:: EXERCISE DATA ::
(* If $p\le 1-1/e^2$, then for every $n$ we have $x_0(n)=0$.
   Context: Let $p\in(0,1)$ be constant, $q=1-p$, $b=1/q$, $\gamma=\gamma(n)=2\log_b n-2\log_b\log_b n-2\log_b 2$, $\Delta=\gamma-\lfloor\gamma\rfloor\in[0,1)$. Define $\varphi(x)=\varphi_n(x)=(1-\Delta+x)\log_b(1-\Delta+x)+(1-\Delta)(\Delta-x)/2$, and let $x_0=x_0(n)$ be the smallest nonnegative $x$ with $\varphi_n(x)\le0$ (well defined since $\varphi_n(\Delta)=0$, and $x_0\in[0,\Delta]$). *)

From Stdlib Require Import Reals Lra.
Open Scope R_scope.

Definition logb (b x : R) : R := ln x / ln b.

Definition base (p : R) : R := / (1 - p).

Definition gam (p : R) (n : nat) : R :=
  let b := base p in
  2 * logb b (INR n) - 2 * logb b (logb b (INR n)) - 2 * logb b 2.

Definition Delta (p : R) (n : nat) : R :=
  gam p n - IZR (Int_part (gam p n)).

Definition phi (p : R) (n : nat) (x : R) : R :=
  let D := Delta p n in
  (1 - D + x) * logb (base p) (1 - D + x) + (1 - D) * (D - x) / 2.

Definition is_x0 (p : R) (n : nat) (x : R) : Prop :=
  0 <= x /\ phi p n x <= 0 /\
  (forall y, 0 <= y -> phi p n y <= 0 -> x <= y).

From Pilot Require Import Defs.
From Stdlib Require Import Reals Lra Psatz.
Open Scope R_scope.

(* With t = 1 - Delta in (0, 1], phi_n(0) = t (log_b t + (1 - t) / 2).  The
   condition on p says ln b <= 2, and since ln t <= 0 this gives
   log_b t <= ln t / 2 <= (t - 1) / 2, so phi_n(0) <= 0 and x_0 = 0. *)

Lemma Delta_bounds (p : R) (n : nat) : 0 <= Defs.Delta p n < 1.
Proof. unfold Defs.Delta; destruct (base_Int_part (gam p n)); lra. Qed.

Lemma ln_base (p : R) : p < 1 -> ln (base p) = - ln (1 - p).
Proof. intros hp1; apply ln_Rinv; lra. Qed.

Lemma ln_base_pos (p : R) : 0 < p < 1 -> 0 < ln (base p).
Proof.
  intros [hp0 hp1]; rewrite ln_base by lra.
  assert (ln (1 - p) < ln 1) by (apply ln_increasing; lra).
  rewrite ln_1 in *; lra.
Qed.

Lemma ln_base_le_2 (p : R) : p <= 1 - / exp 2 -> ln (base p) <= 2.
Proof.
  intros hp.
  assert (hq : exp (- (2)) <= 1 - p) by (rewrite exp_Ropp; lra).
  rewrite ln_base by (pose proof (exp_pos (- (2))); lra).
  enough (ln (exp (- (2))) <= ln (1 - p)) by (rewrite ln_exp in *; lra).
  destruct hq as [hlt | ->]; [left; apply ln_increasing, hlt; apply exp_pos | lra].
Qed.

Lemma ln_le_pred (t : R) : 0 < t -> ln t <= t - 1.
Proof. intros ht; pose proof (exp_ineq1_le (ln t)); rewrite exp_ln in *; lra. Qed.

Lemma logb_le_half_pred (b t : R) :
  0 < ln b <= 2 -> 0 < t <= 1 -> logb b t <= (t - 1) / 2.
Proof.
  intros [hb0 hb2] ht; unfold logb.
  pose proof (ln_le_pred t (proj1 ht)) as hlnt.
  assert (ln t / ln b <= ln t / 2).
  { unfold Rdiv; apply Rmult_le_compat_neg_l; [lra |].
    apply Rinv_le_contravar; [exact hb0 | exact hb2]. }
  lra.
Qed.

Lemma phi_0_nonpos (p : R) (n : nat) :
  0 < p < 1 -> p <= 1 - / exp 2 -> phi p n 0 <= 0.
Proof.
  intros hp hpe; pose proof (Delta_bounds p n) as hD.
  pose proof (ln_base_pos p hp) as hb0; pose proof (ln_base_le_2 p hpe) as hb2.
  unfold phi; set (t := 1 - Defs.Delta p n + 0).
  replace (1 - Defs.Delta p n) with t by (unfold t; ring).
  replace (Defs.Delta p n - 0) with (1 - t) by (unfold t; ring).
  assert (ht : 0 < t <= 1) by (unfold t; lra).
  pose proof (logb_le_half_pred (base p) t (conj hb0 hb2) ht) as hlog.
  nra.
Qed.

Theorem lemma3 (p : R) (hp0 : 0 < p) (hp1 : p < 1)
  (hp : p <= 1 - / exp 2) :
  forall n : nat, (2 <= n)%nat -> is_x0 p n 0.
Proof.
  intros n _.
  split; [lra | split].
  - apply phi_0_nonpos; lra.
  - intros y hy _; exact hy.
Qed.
* * *
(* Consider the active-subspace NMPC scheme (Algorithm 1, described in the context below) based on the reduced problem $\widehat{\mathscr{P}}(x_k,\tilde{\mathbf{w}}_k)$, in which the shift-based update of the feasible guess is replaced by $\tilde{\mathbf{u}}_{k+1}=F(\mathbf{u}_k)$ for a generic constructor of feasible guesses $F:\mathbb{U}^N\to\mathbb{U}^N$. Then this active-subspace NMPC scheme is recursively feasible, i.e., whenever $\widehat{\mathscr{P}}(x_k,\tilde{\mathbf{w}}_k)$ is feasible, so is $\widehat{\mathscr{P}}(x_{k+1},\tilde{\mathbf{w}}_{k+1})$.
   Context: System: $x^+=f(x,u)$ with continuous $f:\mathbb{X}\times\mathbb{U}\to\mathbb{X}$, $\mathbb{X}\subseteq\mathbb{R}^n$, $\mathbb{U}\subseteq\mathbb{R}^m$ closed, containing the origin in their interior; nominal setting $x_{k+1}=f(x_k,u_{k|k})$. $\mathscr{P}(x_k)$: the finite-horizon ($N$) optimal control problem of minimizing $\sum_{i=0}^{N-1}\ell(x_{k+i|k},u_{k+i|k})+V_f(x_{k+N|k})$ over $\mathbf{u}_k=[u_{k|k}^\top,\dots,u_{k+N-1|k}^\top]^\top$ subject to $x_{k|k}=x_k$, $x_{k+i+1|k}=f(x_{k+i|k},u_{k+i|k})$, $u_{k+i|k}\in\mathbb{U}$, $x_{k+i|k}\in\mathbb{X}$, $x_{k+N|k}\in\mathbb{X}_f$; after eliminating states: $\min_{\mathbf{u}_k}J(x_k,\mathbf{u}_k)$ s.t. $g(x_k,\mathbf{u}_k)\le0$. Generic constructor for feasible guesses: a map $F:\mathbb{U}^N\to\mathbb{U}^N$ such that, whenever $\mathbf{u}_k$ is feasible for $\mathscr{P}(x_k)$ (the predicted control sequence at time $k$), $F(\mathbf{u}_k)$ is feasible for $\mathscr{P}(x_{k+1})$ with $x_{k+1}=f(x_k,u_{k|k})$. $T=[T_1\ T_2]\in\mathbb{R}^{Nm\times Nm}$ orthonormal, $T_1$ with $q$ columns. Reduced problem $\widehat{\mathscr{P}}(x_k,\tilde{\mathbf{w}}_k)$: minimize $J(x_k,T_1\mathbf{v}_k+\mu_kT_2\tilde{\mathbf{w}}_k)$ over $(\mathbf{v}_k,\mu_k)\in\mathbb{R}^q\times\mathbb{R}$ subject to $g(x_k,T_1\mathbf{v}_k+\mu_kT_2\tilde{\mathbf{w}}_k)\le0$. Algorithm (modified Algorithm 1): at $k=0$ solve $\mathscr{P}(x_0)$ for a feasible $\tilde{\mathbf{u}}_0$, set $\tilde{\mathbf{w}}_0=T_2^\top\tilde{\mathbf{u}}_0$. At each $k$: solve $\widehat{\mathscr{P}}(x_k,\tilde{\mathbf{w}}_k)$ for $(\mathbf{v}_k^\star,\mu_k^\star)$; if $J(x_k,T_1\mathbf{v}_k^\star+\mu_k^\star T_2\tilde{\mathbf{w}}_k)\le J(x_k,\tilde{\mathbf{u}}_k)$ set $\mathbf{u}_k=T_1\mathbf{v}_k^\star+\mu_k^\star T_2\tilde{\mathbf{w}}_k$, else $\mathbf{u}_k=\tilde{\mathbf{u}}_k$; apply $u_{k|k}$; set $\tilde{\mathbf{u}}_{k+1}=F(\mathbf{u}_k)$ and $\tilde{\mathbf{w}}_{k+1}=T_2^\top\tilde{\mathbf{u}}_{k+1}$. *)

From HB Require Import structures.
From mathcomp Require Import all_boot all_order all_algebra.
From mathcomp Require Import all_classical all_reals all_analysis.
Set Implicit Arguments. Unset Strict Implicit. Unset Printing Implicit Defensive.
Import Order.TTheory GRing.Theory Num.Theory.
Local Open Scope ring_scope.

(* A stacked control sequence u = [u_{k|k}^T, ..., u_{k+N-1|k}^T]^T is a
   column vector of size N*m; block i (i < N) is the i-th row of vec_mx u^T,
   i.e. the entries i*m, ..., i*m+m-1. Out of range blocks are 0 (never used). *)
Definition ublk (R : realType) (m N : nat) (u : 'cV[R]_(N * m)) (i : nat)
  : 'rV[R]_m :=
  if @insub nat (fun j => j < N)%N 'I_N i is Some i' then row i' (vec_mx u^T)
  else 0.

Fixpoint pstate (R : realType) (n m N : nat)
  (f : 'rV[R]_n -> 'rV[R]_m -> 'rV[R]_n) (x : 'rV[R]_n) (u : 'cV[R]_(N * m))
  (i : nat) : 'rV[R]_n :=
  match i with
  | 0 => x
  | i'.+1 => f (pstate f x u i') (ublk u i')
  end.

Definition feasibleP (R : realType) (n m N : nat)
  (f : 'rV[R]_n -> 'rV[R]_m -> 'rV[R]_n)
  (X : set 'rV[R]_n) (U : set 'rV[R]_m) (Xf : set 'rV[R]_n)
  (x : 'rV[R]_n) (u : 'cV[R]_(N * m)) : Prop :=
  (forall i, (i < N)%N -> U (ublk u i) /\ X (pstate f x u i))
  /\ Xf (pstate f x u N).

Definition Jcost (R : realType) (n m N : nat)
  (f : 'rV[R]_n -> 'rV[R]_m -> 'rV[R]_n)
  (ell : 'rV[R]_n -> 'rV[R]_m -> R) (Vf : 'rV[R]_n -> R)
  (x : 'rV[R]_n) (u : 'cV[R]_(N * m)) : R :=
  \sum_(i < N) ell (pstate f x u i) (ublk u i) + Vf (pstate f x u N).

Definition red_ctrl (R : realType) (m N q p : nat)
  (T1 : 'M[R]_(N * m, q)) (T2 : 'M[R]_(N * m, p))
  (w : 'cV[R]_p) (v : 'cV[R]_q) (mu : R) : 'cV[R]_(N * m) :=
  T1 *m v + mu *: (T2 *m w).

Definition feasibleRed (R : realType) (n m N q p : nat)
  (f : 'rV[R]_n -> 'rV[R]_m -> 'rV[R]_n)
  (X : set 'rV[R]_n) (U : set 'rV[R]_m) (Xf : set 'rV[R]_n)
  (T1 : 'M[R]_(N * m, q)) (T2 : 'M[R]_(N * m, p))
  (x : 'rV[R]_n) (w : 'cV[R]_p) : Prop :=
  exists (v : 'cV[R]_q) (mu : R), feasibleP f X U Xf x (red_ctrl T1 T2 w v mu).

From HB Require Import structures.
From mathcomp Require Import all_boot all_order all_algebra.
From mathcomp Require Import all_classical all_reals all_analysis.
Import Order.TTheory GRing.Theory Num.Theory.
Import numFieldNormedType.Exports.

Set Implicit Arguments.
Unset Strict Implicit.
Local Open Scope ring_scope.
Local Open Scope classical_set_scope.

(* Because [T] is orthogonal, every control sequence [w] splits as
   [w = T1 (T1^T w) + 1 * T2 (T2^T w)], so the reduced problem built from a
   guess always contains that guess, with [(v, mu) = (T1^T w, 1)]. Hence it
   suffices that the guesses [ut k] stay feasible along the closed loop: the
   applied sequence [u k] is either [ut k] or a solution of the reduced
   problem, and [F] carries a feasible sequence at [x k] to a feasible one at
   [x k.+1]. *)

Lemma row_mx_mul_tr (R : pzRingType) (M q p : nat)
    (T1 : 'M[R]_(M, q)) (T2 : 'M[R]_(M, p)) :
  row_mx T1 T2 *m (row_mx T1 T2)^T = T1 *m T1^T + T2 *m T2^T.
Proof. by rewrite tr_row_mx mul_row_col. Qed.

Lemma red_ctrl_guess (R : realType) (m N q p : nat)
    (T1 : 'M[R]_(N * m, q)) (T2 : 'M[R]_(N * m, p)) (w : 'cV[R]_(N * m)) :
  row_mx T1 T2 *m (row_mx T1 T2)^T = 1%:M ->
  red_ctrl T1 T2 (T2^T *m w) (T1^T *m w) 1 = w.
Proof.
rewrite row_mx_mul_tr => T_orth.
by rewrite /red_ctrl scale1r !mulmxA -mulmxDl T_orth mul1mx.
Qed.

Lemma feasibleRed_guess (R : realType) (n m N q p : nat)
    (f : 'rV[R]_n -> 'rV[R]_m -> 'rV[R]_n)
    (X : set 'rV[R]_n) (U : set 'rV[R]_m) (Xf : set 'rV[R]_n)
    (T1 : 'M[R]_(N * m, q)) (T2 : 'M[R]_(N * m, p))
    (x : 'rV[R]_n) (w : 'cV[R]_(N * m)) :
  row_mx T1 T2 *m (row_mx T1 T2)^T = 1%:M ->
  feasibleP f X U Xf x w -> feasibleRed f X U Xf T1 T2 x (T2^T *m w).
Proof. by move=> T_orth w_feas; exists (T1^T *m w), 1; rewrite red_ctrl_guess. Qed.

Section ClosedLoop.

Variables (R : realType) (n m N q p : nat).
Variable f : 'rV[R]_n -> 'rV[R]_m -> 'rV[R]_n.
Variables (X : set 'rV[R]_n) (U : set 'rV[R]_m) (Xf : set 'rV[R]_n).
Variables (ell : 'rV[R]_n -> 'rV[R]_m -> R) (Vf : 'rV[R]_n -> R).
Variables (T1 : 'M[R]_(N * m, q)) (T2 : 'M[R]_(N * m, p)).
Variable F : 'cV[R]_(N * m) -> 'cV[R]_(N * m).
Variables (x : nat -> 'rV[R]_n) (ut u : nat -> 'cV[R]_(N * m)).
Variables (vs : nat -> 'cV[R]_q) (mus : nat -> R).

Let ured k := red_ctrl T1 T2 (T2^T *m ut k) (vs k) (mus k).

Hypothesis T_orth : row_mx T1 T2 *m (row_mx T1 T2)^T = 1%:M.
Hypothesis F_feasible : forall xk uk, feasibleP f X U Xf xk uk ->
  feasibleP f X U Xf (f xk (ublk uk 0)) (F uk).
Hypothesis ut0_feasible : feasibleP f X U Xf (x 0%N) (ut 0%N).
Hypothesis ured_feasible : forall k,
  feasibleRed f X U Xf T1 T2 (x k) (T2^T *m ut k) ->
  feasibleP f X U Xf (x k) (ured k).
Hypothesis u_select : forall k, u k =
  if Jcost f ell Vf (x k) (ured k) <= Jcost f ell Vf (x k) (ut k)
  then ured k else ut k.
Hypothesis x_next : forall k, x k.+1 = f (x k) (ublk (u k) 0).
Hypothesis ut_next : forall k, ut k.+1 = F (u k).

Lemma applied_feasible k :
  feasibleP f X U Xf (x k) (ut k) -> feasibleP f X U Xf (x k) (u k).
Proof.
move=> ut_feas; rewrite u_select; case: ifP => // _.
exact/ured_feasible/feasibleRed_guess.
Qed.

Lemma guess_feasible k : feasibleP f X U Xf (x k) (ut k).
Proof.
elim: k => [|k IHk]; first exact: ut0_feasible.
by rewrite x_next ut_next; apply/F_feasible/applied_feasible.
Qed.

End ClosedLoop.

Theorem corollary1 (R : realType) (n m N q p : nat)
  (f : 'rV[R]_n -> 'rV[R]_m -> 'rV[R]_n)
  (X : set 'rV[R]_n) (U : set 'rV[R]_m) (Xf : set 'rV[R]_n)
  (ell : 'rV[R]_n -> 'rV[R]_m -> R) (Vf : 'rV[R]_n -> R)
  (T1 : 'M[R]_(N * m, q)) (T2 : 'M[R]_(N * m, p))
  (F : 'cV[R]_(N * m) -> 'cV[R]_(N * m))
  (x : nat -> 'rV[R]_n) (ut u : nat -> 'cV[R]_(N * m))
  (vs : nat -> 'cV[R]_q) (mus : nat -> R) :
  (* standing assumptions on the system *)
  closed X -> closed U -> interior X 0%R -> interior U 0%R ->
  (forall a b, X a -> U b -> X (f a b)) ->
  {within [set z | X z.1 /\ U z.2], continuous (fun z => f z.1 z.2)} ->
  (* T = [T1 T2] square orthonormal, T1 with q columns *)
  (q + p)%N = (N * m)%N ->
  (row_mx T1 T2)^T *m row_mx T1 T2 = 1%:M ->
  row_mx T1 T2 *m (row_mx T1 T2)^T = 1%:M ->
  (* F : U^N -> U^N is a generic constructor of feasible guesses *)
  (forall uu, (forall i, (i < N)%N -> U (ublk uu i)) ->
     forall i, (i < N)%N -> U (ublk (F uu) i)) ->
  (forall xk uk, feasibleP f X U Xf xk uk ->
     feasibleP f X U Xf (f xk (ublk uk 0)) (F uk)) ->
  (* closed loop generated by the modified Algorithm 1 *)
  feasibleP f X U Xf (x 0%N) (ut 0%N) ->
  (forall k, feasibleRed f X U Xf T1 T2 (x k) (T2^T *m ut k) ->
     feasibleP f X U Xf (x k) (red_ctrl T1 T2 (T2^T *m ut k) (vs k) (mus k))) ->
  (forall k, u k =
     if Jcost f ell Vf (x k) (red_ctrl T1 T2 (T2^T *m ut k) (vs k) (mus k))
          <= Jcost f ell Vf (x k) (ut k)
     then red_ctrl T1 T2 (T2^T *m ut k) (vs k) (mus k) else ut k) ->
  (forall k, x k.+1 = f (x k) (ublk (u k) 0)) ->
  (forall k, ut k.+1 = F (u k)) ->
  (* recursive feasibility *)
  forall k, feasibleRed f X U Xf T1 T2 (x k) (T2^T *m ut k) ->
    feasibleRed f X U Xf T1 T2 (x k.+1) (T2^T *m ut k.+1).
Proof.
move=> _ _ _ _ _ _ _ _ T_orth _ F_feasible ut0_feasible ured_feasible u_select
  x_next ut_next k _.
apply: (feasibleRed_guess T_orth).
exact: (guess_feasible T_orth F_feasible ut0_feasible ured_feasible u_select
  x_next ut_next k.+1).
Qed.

:: ACTION ITEM ::
Where a line above contains the word "Theorem", show that line.

:: RESPONSE ::
Theorem lemma3 (p : R) (hp0 : 0 < p) (hp1 : p < 1)
Theorem corollary1 (R : realType) (n m N q p : nat)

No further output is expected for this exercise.